Would you reproduce, without any alteration, the lines from the opening line of the entries through the line that has "- by rewrite /smooth_sqrt' glue_l" in it?

• [Given entries]:
[Start of Attachment]
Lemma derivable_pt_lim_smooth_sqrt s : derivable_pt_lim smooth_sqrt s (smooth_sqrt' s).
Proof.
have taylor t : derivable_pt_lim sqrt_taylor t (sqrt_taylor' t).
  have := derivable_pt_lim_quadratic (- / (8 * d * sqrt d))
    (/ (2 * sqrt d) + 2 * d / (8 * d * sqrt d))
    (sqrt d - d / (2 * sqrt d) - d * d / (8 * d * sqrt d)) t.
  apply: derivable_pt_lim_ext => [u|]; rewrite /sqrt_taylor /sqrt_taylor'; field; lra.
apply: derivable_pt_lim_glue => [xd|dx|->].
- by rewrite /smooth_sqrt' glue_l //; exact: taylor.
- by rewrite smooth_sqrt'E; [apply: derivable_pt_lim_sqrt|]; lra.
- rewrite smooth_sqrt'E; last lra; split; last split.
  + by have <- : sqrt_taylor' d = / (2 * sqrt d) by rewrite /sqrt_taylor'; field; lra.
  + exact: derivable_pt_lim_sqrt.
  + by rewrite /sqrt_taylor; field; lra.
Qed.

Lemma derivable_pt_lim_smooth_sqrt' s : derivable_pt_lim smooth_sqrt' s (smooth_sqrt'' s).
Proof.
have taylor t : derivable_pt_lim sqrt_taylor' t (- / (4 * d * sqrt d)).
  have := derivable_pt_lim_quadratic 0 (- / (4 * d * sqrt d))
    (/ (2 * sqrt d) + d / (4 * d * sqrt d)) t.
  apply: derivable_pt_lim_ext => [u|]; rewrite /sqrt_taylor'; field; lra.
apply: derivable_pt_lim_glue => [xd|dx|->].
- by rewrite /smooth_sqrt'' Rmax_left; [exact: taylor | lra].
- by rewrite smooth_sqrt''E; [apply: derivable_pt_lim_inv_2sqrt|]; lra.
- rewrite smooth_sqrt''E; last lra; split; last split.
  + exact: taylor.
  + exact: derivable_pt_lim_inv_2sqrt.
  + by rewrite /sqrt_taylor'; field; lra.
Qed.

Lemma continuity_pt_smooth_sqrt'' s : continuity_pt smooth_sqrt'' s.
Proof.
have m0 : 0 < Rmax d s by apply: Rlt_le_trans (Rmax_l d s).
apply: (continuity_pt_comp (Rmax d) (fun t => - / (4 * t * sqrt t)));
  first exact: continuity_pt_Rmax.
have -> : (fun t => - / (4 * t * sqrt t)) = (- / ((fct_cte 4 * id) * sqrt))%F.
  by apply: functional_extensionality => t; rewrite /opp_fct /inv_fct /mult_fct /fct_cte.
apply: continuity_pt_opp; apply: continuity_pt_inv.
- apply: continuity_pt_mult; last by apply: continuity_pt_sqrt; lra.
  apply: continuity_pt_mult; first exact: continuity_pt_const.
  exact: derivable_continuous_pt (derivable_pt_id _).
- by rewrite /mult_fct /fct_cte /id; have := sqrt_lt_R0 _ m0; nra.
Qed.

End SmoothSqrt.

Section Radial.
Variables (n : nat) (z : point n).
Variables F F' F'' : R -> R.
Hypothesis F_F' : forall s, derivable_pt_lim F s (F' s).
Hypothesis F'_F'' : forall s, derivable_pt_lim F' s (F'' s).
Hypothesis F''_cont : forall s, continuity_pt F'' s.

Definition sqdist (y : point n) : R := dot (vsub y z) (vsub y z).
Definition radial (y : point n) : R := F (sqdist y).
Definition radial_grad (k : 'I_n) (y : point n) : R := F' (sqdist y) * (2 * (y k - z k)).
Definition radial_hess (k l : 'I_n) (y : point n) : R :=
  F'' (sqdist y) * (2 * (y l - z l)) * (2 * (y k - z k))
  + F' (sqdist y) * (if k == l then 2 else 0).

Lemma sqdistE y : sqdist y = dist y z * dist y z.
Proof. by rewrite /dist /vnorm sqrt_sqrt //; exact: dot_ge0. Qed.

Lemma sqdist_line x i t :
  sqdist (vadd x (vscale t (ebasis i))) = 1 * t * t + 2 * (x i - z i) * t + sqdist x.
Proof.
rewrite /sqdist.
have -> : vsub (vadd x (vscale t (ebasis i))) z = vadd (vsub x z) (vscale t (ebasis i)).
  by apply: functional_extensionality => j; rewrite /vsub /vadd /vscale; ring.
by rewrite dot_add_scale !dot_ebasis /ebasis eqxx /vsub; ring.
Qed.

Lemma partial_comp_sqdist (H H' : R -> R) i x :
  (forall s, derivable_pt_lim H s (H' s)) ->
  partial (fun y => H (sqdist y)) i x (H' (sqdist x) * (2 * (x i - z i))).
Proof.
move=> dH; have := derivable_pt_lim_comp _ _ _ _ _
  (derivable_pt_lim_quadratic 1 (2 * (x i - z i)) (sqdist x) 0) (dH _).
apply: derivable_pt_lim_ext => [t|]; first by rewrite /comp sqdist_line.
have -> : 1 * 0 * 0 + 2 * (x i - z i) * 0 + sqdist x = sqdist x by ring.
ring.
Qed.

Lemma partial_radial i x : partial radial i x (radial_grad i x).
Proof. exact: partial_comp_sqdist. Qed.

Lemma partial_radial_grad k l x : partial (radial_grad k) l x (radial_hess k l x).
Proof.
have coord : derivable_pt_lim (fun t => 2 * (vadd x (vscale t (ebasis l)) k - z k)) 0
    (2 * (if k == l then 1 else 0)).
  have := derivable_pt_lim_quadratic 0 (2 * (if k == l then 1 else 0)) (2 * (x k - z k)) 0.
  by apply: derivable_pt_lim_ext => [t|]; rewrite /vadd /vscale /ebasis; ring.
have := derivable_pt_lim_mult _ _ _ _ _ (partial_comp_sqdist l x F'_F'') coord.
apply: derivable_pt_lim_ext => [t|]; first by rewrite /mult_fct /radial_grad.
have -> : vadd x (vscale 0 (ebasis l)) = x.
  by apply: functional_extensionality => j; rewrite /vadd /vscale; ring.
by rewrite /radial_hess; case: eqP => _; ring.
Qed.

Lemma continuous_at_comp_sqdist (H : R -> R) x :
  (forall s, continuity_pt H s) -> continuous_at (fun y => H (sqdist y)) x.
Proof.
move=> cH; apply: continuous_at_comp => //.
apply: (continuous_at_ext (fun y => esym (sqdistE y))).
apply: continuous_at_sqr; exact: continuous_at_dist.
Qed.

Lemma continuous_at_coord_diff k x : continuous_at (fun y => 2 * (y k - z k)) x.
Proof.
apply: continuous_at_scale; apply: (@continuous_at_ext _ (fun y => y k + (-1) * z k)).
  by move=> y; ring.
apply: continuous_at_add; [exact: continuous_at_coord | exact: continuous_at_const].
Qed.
[End of Attachment]
• [Output of the exercise]:
Lemma derivable_pt_lim_smooth_sqrt s : derivable_pt_lim smooth_sqrt s (smooth_sqrt' s).
Proof.
have taylor t : derivable_pt_lim sqrt_taylor t (sqrt_taylor' t).
  have := derivable_pt_lim_quadratic (- / (8 * d * sqrt d))
    (/ (2 * sqrt d) + 2 * d / (8 * d * sqrt d))
    (sqrt d - d / (2 * sqrt d) - d * d / (8 * d * sqrt d)) t.
  apply: derivable_pt_lim_ext => [u|]; rewrite /sqrt_taylor /sqrt_taylor'; field; lra.
apply: derivable_pt_lim_glue => [xd|dx|->].
- by rewrite /smooth_sqrt' glue_l //; exact: taylor.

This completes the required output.